Although the methods we employed are already well established within the insurance industry, up until recently the cost of computing and analyzing each individual transaction posed a paradoxical cost-benefit. However, today not only does the cost of computing sit at record lows, but also open-source, freely available software allows companies to pilot robust data analysis with little-to-no risk. In fact, as McKinsey Global Institute has reported, the chief challenge for companies today in implementing analytics is more in their ability to attract and retain data professionals.
With that in mind, our MSBA team decided to walk through the steps of developing a model and highlight the importance of domain knowledge experts in developing robust data-driven processes.
"We allowed the graduate team from the McCombs School to analyze loss prevention data sets without bias or preconception," said Mark VanBeest, CFI, director of global security and investigations for JCPenney. "Initially, we tasked the students to determine if we were getting the best results on case leads sent to the field. At the time we were very confident that current reports and data were identifying the bulk of our internal theft."
VanBeest added, "Given the sensitive nature of data security and the critical importance of protecting consumer data, it's important to note that no consumer credit card information was analyzed or shared with the students for this research project."
The Focus of Analysis
Using the point-of-sale (POS) reporting system data from JCPenney, our team decided to dive into the "item-delete" report that calculated the delete ratio and triggered emails to stores every week. From there store-level LP personnel were provided a focus to investigate potentially fraudulent activity. Unfortunately, there was a difficulty in determining the success reports because the system only required stores to report back with "true" fraudulent activity. In other words, if no call back was made to corporate in response to the reported list of "potentially fraudulent" item deletes, the report presumed that they were actually non-fraudulent. However, that presumes that every single item within the report was investigated, which, pragmatically, is unrealistic.
To gain a better understanding of the data and how to go about modeling fraudulent transactions, our team began by computing some descriptive statistics for our data.
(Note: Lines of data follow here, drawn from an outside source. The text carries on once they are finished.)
(* For any $(n,t_e,\lambda)$-full-access setting satisfying $2n-t_e\le 2^{\lambda}$, there is a P-PMT family (obtained by repeating a one-round polynomial ramp-secret-sharing-based protocol $q$ times, $q\in\mathbb N$ arbitrary) with P-secrecy rate $1-\frac{t_e}{n}$.
   Context: Multipath setting: an $(n,t_a,t_b,t_e,\lambda)$-multipath setting ($0\le t_a,t_b,t_e\le n$) has a sender Alice, a receiver Bob and a passive, computationally unbounded eavesdropper Eve, connected by $n$ disjoint paths; Alice and Bob share no key. At any time Alice, Bob and Eve access at most $t_a,t_b,t_e$ paths respectively. Time is divided into intervals, each corresponding to sending $\lambda$ consecutive bits over a path; at the start of each interval every party (Eve included, adaptively) chooses its accessed paths and keeps them for the whole interval. Anything sent over a path is seen by all parties accessing that path in that interval; Eve's view is everything sent over her accessed paths. The case $t_a=t_b=n$ is called the $(n,t_e,\lambda)$-full-access setting. PMT protocol: a $(k,c,\delta,\epsilon)$-PMT protocol transmits any $S\in\{0,1\}^k$ from Alice to Bob with $c$ communicated bits, Bob outputting $\hat S$, with $\Pr(\hat S\neq s)\le\delta$ for all $s$ and $SD(View_E(s_1),View_E(s_2))\le\epsilon$ for all $s_1,s_2$ ($View_E(s)$ Eve's view when $s$ is sent, any Eve strategy; $SD(X,Y)=\frac12\sum_x|\Pr(X=x)-\Pr(Y=x)|$). P-PMT family: a sequence $(\Pi_i)_{i\in\mathbb N}$ of $(k_i,c_i,0,0)$-PMT protocols with $k_{i+1}>k_i$; its P-secrecy rate is $\inf_i k_i/c_i$. *)

(* Model of PMT protocols in the (n, t_e, lambda)-full-access
   multipath setting (t_a = t_b = n). *)
From HB Require Import structures.
From mathcomp Require Import all_boot all_order all_algebra.
Set Implicit Arguments. Unset Strict Implicit. Unset Printing Implicit Defensive.
Import Order.TTheory GRing.Theory Num.Theory.
Local Open Scope ring_scope.

(* lambda bits sent over one path during one interval *)
Definition block (lambda : nat) : finType := lambda.-tuple bool.

(* the full transcript: for each interval j < r and each path i < n,
   the lambda-bit block sent over path i during interval j *)
Definition transcript (n lambda r : nat) : finType :=
  {ffun 'I_r -> {ffun 'I_n -> block lambda}}.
More specifically, we uncovered that for the current delete ratio of 2, which indicated the number of deleted items was half or more of that total number of scanned items for a given receipt, out of our sample of 158,000 reported transactions, we found that only around 1 percent came back as actual fraud.
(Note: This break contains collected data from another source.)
(* Let $a,b,C\in\mathbb{R}$ with $b>1$, $C>0$, and let $(W_k)_{k\ge1}$ be real numbers with $|W_k|<\frac{C\log^a(2k+1)}{k^b}$ for all $k\in\mathbb{N}$. Then $$\lim_{n\to\infty}\sum_{k=1}^{n}|W_k|\left(\frac{2}{\pi}-\frac{n}{2^{4n-2}}\binom{2n}{n}\binom{2n-1}{n-k}\right)=0.$$ *)

From Stdlib Require Export Reals.
From Coquelicot Require Export Coquelicot.
Open Scope R_scope.

(* Binom n k : the binomial coefficient n choose k, as a real number
   (Stdlib's Binomial.C, valid for k <= n, which is always the case below). *)
Definition Binom (n k : nat) : R := Binomial.C n k.

Definition kern (n k : nat) : R :=
  INR n / 2 ^ (4 * n - 2) * Binom (2 * n) n * Binom (2 * n - 1) (n - k).

(* The ratio recurrence [kern n (k+1) (n+k) = kern n k (n-k)] makes [kern n k] decrease in [k]
   from [kern n 0 = 2n (binom(2n,n)/4^n)^2], and also gives [kern n k >= kern n 0 (1 - k^2/n)].
   Squeezing the Wallis integrals of [sin^2n] between those of [sin^(2n-1)] and [sin^(2n+1)]
   yields [2/PI - 1/n <= kern n 0 <= 2/PI], hence [0 <= 2/PI - kern n k <= 2 min(1, k^2/n)
   <= 2 k^(2e) n^-e] for any [0 < e <= 1].  The hypothesis gives [|W k| = O(k^-(1+3e))] for
   small [e], so the n-th sum is at most a constant times [n^-e sum_k k^-(1+e)], and the
   series [sum_k k^-(1+e)] is bounded by [1 + 1/e] by telescoping against [k^-e]. *)

From Stdlib Require Import Reals Factorial Lra Lia Nsatz.
From Coquelicot Require Import Coquelicot.
Open Scope R_scope.

Lemma exp_le_exp x y : x <= y -> exp x <= exp y.
Proof. intros [H | ->]; [apply Rlt_le, exp_increasing, H | apply Rle_refl]. Qed.

Lemma ln_le_sub_1 u : 0 < u -> ln u <= u - 1.
Proof. intros Hu. pose proof (exp_ineq1_le (ln u)). rewrite exp_ln in H; lra. Qed.

Lemma Rmin_1_le_Rpower x th : 0 < x -> 0 < th <= 1 -> Rmin 1 x <= Rpower x th.
Proof.
  intros Hx Hth. unfold Rpower. destruct (Rle_lt_dec 1 x) as [H1 | H1].
  - assert (0 <= ln x) by (rewrite <- ln_1; apply ln_le; lra).
    apply Rle_trans with 1; [apply Rmin_l | rewrite <- exp_0; apply exp_le_exp; nra].
  - assert (ln x < 0) by (rewrite <- ln_1; apply ln_increasing; lra).
    rewrite <- (exp_ln x) at 1 by exact Hx.
    apply Rle_trans with (exp (ln x)); [apply Rmin_r | apply exp_le_exp; nra].
Qed.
That posed a unique challenge in that the existing fraud-threshold reported so many transactions that it became almost infeasible for an LP professional to investigate all of them. With that in mind, we focused on answering two questions:
- Is the report worth sending out?
- If so, how do we more accurately predict fraud to reduce the number of flagged transactions and the workload of the LP associate?
This all had to be weighted by the fact that reducing the list too far would allow fraudulent transactions to pass through and cost the company money.
Our approach was to use logistic regression to improve the reporting threshold by creating a model that output a likelihood of fraud associated with each exception. With that prediction, we could rank order each transaction, determine a new threshold to cull weekly emails, and provide a prioritized list to loss prevention leaders.
Here is a simple explanation of how logistic regression works. Graph A below shows the linear regression of the observed probabilities (Y) on the independent variable X. The problem with ordinary linear regression in a situation like this is if the regression line is extended a few units upward or downward along the X axis, you will end up with predicted probabilities that fall outside the legitimate probability range of 0 to 1. As shown in Graph B, logistic regression fits the relationship between X and Y with a special S-shaped curve that is constrained to remain within the range of 0 to 1 on the Y axis.
Assumptions and Data Analysis
Our study is based on over 158,000 exceptions reported on the item-delete report generated from November 2013 to February 2014. The information associated with each of the exceptions included attributes such as the employee ID, location, date, quantity deleted, and other data. Whether an exception was confirmed to be a true fraud was also indicated.
In order to formulate the problem, JCPenney and our team agreed on a few assumptions. The first assumption was that if an employee was eventually fired for fraudulent actions, most of the previous flagged exceptions were also fraudulent. The second assumption was that the results from our study could be extrapolated from four months to a year to calculate final yearly return on investment (ROI).
Descriptive Analysis. Before jumping into the modeling process, several descriptive statistics were conducted to obtain an understanding of the exception data. While most of the descriptive statistics helped to hone our intuitive expectation of the data, a number of things stood out. The most surprising came when we created a histogram between the number of exceptions and the date of the exceptions, as shown in the figure below.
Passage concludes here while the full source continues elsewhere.